§ **Saved data entries**:

--- --- ---

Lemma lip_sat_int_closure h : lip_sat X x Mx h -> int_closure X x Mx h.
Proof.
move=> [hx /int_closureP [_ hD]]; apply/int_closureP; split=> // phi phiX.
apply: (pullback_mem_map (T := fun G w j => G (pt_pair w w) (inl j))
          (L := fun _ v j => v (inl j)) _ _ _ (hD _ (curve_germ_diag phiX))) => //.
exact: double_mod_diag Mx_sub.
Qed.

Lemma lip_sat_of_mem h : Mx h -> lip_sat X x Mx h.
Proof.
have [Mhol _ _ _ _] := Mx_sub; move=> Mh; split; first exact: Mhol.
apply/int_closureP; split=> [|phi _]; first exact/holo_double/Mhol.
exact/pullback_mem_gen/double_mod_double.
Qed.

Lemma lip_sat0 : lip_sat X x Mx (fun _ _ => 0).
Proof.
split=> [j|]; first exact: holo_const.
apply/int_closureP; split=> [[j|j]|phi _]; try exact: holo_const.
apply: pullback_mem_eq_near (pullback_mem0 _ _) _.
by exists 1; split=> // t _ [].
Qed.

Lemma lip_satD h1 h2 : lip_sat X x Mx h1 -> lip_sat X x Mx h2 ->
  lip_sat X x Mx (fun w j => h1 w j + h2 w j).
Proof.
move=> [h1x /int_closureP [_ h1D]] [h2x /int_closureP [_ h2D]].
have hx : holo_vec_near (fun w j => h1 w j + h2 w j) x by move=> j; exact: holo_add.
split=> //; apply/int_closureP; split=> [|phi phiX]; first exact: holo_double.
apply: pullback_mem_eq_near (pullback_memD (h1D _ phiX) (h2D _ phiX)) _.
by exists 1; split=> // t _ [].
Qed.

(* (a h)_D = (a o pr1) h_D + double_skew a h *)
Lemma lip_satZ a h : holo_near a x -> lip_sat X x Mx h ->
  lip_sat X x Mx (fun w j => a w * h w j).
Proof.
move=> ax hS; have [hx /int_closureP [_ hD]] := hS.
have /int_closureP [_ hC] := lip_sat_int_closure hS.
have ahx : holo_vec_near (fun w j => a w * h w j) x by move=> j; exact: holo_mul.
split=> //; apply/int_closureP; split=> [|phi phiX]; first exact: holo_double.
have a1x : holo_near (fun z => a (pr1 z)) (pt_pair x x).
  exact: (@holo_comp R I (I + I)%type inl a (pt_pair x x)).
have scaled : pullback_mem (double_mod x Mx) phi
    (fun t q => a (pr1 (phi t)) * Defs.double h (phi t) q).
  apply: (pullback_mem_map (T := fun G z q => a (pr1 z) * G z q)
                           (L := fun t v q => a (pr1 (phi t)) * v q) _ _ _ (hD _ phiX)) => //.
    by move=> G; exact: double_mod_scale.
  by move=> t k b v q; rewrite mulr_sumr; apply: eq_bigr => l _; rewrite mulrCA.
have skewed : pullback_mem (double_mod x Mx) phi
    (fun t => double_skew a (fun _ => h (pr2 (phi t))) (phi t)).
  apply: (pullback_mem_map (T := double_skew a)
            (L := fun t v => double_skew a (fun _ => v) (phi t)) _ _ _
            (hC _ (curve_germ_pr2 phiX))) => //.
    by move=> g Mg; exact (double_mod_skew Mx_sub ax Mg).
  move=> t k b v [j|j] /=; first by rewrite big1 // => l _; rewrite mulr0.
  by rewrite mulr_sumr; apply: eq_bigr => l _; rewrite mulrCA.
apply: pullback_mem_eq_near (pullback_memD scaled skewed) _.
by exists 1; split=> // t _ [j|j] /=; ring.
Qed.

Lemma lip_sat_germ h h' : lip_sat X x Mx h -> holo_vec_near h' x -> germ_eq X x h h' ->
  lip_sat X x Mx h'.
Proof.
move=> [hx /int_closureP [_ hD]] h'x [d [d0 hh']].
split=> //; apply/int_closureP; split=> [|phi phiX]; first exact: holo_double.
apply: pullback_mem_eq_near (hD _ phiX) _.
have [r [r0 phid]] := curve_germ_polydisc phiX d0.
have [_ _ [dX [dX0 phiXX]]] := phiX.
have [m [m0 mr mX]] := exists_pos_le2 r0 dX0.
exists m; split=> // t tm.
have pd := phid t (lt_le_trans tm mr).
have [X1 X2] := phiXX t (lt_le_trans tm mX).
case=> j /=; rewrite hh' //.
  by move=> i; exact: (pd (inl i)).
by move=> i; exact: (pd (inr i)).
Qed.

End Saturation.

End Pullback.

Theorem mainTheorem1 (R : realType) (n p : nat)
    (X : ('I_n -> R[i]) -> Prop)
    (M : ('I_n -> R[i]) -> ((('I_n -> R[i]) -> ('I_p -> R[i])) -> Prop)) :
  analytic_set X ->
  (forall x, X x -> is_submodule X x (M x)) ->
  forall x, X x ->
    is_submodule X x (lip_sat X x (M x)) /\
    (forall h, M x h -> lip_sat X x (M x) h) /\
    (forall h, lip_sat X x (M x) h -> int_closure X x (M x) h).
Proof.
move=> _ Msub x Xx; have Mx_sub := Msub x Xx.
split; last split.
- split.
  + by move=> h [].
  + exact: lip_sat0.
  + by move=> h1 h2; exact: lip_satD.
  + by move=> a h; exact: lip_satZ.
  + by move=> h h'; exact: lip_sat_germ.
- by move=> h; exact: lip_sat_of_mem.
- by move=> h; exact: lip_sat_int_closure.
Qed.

--- --- ---

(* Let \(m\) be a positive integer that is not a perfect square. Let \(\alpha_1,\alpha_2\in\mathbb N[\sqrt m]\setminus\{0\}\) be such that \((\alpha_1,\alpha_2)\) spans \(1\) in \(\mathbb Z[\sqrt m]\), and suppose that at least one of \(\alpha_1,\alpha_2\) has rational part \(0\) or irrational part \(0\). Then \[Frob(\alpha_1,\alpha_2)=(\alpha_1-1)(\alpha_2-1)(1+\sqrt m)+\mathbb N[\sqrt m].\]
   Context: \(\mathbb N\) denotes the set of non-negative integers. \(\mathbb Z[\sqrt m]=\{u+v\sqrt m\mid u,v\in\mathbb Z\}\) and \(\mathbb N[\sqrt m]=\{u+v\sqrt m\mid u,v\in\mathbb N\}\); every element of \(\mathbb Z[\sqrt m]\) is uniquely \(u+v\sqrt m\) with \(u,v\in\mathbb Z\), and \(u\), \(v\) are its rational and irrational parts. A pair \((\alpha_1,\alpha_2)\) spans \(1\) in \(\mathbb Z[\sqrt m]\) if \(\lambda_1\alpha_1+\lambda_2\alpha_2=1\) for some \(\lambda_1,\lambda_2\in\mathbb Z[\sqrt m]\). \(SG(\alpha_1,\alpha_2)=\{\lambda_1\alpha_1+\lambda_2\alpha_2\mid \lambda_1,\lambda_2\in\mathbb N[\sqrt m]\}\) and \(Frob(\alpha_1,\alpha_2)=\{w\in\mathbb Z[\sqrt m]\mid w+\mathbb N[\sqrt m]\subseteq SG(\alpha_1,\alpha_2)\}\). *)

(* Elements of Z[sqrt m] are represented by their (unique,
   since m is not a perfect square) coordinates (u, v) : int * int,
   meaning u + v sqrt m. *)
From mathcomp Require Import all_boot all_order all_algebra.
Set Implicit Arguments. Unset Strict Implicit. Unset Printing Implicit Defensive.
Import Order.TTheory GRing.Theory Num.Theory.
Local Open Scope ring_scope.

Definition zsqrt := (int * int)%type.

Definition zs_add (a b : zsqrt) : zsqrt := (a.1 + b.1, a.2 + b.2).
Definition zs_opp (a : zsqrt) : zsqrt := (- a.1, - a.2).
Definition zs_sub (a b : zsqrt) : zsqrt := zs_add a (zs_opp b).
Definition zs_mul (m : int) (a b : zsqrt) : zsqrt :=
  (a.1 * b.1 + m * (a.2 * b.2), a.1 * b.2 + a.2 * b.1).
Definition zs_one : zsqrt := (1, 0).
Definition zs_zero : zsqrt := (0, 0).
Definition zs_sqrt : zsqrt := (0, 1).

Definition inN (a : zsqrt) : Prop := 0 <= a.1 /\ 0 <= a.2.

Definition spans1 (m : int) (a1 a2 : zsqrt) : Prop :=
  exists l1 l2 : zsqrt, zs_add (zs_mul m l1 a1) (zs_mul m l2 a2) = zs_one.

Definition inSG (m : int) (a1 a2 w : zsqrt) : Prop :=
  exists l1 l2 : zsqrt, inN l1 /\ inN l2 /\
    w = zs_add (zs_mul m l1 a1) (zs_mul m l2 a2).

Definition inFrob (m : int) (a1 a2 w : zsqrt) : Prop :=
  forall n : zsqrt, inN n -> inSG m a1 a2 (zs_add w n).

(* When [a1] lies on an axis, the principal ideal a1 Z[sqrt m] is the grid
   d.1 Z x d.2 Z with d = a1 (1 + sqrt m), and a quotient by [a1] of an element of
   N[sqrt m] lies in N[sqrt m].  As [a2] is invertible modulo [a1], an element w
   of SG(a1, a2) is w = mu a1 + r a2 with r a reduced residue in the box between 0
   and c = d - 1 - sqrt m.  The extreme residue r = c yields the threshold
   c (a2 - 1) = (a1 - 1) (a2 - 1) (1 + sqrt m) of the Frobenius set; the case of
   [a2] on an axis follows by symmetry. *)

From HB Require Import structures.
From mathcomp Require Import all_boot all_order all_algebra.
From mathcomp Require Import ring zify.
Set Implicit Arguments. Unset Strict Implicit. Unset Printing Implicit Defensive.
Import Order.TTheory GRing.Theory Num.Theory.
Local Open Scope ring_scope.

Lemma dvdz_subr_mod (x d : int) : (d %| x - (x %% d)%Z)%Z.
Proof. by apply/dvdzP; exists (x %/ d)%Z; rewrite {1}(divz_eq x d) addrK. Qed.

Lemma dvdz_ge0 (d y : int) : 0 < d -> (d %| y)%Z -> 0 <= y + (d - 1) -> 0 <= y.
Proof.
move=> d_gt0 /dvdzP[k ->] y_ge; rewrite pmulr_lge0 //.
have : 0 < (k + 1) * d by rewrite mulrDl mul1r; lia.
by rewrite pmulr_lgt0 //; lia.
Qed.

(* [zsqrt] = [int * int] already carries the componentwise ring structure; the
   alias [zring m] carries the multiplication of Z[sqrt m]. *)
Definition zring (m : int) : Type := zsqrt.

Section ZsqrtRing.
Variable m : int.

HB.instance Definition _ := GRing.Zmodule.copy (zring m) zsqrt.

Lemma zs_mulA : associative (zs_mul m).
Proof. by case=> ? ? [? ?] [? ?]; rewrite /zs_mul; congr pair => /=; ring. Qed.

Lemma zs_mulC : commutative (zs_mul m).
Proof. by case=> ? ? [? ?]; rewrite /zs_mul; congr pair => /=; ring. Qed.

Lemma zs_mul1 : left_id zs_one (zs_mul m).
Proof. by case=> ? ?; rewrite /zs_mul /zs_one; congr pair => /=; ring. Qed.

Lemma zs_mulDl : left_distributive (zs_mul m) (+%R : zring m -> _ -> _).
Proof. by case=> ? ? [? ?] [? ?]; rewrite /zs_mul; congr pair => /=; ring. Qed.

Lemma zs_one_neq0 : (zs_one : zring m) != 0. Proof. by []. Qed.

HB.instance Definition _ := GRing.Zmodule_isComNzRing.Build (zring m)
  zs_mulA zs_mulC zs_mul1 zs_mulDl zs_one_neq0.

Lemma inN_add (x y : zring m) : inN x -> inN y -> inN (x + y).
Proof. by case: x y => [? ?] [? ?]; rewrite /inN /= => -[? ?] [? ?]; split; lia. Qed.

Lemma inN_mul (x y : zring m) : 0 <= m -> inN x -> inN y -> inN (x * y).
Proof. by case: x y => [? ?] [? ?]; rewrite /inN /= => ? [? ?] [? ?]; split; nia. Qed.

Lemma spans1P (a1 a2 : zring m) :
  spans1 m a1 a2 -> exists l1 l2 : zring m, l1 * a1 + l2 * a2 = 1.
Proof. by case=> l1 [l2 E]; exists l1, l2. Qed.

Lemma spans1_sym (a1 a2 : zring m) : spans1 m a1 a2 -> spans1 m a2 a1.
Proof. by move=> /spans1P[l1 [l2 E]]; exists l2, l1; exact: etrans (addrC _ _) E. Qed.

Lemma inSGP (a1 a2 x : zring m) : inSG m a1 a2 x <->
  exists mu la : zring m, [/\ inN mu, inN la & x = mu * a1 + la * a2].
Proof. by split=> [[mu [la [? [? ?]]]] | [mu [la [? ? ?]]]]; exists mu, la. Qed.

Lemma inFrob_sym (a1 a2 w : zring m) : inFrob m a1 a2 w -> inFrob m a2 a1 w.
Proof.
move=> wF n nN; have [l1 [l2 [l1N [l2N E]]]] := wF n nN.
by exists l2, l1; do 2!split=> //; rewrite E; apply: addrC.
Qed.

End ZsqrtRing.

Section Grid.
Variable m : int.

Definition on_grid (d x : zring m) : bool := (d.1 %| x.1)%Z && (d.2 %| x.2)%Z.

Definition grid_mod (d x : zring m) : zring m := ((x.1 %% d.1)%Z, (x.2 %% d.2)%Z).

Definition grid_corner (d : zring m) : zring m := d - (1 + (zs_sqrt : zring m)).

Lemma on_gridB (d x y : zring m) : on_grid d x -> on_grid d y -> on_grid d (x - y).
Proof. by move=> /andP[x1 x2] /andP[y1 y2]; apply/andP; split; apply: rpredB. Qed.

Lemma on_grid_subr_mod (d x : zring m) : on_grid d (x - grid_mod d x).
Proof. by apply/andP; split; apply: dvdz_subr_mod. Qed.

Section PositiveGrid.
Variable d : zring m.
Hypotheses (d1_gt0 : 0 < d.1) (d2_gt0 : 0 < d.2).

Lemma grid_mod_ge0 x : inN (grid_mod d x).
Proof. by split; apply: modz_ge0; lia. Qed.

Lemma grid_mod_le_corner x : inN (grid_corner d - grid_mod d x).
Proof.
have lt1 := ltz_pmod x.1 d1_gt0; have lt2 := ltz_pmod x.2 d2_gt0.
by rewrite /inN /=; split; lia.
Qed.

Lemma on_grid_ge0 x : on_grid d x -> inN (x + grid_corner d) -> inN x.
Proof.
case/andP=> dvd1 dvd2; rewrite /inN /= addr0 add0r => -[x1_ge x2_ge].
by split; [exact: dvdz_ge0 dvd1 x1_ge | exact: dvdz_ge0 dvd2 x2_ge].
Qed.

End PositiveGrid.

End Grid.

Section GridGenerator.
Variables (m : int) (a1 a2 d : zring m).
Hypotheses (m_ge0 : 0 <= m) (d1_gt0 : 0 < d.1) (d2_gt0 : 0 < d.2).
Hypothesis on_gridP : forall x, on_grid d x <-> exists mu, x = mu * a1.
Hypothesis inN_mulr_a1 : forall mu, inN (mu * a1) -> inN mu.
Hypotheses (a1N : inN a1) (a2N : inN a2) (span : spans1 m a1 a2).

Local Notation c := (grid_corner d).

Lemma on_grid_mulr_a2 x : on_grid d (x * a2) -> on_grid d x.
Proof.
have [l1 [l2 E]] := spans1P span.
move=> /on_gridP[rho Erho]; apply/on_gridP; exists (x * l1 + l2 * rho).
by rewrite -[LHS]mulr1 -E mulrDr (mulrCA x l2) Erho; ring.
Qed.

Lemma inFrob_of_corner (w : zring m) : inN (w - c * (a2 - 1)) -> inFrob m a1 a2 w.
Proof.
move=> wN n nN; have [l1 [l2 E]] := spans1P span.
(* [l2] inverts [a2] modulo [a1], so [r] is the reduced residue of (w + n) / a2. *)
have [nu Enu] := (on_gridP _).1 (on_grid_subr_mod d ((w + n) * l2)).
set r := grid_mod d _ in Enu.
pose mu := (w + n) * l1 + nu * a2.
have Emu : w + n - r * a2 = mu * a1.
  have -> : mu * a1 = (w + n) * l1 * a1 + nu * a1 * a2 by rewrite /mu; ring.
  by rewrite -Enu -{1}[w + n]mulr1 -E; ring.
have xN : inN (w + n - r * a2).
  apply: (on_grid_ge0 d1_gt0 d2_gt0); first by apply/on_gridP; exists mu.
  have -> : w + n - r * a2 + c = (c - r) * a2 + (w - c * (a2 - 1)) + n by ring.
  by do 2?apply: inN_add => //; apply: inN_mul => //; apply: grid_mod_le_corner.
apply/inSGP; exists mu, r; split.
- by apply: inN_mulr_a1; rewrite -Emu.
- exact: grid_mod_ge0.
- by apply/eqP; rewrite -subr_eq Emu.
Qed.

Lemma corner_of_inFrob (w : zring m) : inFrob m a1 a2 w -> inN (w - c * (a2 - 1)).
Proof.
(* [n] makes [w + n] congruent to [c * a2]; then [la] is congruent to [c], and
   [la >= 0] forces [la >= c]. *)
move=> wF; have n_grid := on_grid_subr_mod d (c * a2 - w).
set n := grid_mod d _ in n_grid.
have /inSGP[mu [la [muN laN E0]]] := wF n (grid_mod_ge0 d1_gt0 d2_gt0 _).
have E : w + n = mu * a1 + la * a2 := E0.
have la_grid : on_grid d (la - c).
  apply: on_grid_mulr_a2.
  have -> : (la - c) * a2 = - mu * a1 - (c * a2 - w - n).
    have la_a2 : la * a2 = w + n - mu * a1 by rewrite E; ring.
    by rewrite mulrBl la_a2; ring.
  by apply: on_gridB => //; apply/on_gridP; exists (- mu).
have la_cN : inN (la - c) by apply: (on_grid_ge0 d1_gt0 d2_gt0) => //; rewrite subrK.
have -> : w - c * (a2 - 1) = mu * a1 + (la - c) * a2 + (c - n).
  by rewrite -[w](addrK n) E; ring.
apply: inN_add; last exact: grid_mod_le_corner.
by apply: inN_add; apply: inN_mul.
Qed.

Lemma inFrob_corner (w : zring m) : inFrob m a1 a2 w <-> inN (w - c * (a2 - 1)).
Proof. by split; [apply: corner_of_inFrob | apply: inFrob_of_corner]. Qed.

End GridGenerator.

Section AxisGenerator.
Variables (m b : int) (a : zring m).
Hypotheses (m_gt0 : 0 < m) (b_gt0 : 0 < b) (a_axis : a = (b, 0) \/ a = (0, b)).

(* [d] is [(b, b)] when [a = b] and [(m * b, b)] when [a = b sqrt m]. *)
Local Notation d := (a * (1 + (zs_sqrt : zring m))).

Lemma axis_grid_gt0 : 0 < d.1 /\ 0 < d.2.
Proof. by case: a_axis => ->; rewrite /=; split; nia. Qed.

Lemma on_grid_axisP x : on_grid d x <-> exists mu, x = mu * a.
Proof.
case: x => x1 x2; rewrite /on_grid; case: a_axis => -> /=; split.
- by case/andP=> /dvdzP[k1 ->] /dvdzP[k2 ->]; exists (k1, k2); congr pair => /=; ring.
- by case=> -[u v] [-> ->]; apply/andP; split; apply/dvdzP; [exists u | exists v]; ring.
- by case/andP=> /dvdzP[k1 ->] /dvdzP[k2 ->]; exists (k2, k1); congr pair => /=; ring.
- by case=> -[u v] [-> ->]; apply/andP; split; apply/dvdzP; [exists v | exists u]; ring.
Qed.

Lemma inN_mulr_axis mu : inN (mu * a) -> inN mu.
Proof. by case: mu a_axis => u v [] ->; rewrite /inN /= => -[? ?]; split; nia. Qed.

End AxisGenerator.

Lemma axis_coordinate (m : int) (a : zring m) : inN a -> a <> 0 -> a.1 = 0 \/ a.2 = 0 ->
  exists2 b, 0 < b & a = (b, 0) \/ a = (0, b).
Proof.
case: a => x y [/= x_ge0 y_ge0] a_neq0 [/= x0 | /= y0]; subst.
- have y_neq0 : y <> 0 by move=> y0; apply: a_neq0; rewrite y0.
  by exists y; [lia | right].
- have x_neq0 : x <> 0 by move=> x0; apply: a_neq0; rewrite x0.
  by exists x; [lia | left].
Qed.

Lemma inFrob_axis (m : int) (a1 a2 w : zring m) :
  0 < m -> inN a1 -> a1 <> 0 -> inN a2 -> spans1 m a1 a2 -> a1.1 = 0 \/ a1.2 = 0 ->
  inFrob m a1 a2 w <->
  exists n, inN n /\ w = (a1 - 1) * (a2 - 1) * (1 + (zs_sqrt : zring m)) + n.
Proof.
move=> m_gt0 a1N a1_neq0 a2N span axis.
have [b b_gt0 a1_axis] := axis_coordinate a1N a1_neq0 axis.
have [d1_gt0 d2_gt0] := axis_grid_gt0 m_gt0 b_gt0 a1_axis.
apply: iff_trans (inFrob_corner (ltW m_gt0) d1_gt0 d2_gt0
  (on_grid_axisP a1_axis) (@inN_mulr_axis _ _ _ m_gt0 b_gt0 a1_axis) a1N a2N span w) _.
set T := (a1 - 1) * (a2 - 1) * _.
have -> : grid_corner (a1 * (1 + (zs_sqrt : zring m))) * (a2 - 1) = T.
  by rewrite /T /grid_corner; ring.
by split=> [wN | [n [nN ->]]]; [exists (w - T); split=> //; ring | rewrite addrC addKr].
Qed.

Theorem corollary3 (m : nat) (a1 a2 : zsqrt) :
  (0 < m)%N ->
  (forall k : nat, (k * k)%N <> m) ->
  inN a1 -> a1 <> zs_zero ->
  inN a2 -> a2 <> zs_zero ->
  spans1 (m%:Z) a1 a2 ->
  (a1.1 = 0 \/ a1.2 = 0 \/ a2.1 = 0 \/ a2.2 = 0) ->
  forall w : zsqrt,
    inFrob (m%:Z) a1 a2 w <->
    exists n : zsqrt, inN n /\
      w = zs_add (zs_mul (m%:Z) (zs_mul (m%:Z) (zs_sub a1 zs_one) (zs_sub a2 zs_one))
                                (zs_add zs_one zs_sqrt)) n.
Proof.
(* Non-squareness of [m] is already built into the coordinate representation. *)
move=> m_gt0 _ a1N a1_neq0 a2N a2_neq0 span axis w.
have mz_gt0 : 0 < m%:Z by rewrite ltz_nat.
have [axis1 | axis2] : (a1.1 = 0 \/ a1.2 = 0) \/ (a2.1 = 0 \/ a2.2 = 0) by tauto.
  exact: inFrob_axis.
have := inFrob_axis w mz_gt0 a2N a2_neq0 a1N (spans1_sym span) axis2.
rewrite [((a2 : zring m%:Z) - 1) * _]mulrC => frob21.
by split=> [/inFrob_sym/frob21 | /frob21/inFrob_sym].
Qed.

--- --- ---

§ **WHAT IS REQUIRED**: Using the records above, copy word for word the line with "Definition inFrob (m", the line with "and c = d - 1", and every line between them.

§ **EXERCISE RESULT**:
Definition inFrob (m : int) (a1 a2 w : zsqrt) : Prop :=
  forall n : zsqrt, inN n -> inSG m a1 a2 (zs_add w n).

(* When [a1] lies on an axis, the principal ideal a1 Z[sqrt m] is the grid
   d.1 Z x d.2 Z with d = a1 (1 + sqrt m), and a quotient by [a1] of an element of
   N[sqrt m] lies in N[sqrt m].  As [a2] is invertible modulo [a1], an element w
   of SG(a1, a2) is w = mu a1 + r a2 with r a reduced residue in the box between 0
   and c = d - 1 - sqrt m.  The extreme residue r = c yields the threshold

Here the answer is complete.